Stored items:
----
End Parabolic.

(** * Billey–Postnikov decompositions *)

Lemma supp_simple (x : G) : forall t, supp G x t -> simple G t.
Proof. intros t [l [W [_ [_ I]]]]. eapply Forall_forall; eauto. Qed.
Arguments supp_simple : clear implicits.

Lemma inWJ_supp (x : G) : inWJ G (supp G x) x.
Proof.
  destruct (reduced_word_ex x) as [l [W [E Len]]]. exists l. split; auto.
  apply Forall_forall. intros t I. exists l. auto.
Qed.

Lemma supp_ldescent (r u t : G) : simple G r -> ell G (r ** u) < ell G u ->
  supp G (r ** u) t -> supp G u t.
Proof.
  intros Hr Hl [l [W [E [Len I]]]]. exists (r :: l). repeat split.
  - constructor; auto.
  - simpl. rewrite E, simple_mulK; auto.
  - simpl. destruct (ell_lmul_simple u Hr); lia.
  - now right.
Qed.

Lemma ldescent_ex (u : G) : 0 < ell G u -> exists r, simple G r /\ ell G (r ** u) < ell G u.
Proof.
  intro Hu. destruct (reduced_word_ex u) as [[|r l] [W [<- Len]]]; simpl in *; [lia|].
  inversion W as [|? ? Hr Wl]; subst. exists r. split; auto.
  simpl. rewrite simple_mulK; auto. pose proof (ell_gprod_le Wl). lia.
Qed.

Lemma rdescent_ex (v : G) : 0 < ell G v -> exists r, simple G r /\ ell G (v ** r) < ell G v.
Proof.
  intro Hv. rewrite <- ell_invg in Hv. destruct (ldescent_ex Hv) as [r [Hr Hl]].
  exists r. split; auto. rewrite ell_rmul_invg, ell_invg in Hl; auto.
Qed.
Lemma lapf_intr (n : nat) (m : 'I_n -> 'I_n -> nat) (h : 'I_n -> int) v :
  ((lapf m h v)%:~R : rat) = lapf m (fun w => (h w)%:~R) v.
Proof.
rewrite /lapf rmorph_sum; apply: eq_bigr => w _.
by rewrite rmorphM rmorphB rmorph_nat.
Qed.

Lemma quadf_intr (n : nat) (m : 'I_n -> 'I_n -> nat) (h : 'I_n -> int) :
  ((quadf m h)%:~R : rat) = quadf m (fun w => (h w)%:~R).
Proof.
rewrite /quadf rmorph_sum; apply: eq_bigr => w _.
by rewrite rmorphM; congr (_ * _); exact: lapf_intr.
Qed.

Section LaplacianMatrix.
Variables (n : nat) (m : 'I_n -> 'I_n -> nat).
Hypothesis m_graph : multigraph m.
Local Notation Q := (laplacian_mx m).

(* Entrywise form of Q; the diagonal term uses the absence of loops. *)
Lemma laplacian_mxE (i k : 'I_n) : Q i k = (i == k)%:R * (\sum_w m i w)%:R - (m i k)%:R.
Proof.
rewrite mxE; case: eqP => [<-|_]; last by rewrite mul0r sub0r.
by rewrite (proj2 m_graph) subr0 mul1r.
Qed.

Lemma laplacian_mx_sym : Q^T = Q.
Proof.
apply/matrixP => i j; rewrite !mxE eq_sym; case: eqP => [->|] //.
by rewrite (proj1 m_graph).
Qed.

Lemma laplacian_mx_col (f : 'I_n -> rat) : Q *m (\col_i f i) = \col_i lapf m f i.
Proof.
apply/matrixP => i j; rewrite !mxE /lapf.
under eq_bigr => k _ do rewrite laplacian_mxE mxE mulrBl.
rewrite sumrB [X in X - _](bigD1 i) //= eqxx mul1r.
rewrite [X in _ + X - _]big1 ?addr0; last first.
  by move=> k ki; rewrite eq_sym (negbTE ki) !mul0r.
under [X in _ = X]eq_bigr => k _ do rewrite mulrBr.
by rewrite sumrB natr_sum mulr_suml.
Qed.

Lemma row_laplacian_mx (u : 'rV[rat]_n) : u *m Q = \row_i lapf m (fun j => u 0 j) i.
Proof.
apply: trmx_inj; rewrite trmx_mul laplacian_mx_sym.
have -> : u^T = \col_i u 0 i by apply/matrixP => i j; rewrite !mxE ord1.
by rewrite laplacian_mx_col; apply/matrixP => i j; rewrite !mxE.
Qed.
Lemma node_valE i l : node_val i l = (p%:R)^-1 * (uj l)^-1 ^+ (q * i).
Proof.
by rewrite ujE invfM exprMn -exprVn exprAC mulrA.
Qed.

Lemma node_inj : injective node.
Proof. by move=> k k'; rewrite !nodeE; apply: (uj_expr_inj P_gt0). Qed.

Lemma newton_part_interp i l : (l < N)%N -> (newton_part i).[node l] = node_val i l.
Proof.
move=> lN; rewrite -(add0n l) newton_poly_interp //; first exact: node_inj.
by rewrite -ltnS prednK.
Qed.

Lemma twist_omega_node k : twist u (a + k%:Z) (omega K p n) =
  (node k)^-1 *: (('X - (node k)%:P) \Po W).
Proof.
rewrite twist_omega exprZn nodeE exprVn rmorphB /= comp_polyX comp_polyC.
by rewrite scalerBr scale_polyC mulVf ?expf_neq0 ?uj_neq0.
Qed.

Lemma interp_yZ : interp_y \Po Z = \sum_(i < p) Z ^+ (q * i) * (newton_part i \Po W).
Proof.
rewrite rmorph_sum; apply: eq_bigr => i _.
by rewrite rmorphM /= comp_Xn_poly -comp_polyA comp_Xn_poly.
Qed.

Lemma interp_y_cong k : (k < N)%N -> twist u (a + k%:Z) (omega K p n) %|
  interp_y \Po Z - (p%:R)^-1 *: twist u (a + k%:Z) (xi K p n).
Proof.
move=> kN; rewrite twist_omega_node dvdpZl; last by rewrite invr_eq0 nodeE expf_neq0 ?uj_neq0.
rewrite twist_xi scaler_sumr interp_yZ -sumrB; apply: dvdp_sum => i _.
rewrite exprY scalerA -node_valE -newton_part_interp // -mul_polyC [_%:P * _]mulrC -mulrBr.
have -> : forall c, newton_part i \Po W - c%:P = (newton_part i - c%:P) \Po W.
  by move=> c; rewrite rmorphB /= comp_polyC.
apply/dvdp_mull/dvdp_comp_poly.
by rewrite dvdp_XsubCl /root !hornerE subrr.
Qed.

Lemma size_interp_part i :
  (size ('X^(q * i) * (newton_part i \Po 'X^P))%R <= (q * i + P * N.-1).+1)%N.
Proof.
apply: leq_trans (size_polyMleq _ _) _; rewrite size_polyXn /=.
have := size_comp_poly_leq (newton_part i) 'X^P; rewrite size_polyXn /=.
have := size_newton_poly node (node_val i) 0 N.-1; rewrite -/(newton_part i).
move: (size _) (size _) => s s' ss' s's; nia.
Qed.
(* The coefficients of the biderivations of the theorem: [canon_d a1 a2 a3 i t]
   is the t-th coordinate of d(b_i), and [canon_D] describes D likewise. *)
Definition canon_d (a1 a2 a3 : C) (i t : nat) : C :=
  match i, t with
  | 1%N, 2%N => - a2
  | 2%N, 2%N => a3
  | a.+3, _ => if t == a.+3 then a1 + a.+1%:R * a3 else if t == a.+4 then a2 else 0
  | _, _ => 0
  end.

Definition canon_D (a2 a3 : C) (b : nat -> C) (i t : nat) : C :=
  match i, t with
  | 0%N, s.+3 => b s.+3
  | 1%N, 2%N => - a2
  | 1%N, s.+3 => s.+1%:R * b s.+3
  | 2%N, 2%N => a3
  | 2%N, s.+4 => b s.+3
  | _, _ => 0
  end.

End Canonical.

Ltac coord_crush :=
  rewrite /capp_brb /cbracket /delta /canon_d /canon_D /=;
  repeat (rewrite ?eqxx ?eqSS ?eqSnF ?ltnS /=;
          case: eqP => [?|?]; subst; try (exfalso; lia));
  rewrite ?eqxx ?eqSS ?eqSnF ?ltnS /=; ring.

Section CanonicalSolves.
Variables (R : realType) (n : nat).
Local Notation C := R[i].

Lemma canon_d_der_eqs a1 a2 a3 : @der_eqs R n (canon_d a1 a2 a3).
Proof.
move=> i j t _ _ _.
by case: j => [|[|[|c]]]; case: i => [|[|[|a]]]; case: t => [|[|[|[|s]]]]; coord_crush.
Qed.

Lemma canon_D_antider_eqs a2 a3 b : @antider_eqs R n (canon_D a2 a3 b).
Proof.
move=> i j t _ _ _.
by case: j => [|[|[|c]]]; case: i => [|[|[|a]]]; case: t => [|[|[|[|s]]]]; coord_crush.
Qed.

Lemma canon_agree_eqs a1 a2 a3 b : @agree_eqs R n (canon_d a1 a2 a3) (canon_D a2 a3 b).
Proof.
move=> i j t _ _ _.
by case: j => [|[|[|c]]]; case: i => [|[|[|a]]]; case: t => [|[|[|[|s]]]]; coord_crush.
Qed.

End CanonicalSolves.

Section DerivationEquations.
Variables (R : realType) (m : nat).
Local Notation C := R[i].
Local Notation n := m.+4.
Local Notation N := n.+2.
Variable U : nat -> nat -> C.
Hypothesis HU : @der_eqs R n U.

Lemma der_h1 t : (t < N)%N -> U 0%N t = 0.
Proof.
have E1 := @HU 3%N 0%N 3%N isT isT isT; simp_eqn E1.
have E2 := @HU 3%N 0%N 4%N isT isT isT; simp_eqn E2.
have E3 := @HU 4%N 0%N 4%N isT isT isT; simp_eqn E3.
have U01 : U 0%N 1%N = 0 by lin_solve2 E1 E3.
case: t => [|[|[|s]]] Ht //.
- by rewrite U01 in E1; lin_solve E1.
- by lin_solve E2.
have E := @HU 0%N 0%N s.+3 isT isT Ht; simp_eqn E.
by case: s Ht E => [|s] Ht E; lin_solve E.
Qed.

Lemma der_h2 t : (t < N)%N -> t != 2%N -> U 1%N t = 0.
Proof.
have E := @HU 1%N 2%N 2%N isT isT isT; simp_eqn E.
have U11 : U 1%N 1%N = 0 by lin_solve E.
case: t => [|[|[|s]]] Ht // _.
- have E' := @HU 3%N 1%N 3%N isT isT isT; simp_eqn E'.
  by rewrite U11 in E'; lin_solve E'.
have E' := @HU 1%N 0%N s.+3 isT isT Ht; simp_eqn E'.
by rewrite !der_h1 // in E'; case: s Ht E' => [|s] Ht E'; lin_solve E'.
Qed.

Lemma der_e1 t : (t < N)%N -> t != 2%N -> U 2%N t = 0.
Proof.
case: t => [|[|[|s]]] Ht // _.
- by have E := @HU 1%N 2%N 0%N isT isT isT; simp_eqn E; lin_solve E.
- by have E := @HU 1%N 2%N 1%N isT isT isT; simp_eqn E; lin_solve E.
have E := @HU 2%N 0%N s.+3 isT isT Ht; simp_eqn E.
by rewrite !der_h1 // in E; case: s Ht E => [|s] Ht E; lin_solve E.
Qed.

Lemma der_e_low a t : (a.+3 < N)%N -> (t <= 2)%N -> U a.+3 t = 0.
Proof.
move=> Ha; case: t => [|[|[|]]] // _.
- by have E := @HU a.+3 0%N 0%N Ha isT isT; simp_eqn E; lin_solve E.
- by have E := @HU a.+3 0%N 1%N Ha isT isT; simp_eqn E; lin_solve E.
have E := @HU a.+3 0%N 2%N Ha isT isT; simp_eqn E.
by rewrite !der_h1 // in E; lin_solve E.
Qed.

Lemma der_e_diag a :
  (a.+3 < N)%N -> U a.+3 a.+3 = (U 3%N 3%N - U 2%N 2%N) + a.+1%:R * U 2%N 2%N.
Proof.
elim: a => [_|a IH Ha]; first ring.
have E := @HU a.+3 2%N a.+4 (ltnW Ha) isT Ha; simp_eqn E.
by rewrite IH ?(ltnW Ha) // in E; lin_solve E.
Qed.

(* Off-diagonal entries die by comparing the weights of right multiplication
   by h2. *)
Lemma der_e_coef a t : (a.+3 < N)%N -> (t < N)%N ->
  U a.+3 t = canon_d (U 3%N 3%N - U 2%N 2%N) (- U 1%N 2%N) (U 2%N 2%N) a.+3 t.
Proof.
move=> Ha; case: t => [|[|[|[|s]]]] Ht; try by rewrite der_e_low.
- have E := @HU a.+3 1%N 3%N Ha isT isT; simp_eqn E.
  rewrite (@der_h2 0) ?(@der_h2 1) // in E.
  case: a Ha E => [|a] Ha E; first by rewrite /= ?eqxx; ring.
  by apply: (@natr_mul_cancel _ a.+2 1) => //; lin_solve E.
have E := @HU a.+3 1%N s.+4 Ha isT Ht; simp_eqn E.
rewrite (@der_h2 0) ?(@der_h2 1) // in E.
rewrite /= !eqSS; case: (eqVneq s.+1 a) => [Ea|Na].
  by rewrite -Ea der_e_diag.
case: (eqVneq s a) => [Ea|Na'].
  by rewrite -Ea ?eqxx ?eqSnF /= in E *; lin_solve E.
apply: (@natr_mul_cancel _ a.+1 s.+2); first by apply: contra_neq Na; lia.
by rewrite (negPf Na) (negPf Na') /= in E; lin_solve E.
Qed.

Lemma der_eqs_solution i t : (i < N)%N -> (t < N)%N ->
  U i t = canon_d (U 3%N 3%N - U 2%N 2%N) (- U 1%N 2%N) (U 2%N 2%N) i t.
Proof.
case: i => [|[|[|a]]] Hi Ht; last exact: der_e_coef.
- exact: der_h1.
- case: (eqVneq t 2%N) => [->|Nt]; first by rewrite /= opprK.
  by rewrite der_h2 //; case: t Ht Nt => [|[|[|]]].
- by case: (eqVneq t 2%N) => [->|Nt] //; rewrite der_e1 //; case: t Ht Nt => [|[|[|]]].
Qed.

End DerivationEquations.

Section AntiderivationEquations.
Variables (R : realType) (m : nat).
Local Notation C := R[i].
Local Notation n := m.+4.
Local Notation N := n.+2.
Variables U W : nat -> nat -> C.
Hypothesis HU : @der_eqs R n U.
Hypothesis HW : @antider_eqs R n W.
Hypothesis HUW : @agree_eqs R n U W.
----
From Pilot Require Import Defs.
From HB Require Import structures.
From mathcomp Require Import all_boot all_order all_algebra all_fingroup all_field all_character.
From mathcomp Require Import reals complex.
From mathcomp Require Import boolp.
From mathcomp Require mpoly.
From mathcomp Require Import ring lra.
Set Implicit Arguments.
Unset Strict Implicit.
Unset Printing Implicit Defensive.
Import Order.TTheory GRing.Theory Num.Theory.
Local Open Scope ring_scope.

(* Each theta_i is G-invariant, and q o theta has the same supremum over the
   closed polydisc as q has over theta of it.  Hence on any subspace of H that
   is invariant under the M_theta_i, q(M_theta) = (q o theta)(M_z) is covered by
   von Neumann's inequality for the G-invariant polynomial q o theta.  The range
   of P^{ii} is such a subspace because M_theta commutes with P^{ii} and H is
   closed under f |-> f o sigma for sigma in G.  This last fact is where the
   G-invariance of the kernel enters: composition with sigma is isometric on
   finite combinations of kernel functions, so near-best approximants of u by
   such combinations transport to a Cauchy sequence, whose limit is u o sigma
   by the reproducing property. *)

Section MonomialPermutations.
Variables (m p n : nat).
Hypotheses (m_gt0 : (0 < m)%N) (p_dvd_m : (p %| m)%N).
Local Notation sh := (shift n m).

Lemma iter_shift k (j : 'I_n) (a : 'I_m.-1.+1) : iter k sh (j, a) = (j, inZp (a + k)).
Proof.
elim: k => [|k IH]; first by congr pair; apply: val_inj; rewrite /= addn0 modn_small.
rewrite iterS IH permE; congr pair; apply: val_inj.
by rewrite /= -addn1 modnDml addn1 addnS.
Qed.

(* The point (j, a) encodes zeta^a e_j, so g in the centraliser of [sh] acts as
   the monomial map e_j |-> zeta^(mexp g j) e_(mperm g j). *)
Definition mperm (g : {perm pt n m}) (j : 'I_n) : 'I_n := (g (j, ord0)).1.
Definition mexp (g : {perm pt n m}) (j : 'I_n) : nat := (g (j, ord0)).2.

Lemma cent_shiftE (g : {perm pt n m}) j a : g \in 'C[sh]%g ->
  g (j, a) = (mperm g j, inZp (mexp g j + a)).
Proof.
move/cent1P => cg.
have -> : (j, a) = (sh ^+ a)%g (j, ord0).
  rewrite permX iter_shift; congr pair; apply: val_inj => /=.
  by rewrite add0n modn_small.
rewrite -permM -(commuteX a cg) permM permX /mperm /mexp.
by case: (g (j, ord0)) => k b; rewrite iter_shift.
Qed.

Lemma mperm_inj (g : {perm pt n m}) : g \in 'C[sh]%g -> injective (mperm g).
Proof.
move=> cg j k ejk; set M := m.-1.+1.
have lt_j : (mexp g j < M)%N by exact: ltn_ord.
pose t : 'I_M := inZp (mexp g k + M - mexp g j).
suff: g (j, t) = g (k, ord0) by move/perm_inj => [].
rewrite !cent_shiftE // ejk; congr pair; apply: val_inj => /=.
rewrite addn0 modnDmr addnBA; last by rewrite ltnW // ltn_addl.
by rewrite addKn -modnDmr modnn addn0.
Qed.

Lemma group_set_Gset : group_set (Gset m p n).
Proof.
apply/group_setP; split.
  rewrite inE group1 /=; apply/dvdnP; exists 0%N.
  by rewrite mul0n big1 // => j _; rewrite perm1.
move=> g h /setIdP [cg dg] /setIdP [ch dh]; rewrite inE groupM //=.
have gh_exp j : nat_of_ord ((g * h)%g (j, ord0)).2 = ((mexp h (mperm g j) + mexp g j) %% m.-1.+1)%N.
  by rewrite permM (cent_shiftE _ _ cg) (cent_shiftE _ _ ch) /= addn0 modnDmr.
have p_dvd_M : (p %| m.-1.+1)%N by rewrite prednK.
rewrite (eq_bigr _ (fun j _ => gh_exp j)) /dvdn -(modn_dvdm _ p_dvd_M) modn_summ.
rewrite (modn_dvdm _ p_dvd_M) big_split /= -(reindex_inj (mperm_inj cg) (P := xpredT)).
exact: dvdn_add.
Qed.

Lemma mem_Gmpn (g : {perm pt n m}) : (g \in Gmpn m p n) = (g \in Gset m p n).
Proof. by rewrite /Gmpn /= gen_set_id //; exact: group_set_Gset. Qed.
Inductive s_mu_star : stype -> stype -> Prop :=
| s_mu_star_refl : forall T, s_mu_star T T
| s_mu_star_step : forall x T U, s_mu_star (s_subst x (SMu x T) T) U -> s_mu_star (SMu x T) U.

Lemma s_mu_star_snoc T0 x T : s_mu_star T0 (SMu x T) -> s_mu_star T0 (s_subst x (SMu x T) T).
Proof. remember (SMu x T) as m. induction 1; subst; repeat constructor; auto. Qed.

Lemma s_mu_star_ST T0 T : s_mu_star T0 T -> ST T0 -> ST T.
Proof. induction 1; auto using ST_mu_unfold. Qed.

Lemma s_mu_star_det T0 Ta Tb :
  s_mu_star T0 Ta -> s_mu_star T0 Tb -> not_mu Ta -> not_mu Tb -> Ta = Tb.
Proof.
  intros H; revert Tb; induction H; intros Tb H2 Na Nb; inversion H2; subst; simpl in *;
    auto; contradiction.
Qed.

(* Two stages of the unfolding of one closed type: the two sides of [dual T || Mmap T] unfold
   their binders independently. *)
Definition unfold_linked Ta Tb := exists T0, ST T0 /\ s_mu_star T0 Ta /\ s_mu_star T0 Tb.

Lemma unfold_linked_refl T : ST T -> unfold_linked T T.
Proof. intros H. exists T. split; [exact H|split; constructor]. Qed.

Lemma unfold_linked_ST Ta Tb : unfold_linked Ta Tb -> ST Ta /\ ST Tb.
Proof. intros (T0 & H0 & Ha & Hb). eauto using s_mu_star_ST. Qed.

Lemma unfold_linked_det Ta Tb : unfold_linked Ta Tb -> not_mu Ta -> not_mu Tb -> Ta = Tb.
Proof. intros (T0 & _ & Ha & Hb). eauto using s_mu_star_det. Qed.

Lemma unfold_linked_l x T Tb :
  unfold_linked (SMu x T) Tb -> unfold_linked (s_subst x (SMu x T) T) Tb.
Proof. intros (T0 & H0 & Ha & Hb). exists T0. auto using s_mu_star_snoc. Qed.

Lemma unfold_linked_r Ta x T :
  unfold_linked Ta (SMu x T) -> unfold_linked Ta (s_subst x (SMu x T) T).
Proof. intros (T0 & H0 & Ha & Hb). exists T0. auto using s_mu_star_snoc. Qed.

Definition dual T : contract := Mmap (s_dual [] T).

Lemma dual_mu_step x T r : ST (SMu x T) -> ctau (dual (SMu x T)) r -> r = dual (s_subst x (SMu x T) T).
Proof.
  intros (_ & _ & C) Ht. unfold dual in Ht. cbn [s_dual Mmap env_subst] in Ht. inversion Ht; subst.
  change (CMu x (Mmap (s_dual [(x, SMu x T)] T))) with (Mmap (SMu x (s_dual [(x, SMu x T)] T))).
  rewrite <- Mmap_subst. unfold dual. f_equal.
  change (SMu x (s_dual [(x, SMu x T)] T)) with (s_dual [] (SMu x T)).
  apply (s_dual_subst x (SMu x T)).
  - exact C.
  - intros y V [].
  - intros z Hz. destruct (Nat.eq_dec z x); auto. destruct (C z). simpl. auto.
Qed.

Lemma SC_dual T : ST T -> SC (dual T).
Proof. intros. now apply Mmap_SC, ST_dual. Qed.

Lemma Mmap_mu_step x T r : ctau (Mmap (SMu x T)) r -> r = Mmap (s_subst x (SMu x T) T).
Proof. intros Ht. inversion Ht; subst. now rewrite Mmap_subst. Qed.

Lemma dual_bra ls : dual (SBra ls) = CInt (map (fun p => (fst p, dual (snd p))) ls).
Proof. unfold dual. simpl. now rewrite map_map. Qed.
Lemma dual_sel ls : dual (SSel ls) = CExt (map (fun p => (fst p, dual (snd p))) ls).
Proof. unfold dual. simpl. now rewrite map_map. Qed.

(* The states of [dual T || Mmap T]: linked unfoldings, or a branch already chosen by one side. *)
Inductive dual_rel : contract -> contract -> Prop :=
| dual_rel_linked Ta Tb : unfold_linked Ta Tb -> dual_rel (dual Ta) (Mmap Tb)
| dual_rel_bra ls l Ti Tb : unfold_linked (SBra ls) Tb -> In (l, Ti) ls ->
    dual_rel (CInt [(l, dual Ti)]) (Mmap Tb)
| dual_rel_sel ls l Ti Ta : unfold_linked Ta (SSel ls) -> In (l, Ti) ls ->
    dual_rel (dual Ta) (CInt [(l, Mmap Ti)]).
----
YOUR GOAL: From the entries above, return exactly the line containing "((quadf m h)%:~R", the line containing "by move=> k ki;", and all lines between, and nothing else.

ANSWER:
  ((quadf m h)%:~R : rat) = quadf m (fun w => (h w)%:~R).
Proof.
rewrite /quadf rmorph_sum; apply: eq_bigr => w _.
by rewrite rmorphM; congr (_ * _); exact: lapf_intr.
Qed.

Section LaplacianMatrix.
Variables (n : nat) (m : 'I_n -> 'I_n -> nat).
Hypothesis m_graph : multigraph m.
Local Notation Q := (laplacian_mx m).

(* Entrywise form of Q; the diagonal term uses the absence of loops. *)
Lemma laplacian_mxE (i k : 'I_n) : Q i k = (i == k)%:R * (\sum_w m i w)%:R - (m i k)%:R.
Proof.
rewrite mxE; case: eqP => [<-|_]; last by rewrite mul0r sub0r.
by rewrite (proj2 m_graph) subr0 mul1r.
Qed.

Lemma laplacian_mx_sym : Q^T = Q.
Proof.
apply/matrixP => i j; rewrite !mxE eq_sym; case: eqP => [->|] //.
by rewrite (proj1 m_graph).
Qed.

Lemma laplacian_mx_col (f : 'I_n -> rat) : Q *m (\col_i f i) = \col_i lapf m f i.
Proof.
apply/matrixP => i j; rewrite !mxE /lapf.
under eq_bigr => k _ do rewrite laplacian_mxE mxE mulrBl.
rewrite sumrB [X in X - _](bigD1 i) //= eqxx mul1r.
rewrite [X in _ + X - _]big1 ?addr0; last first.
  by move=> k ki; rewrite eq_sym (negbTE ki) !mul0r.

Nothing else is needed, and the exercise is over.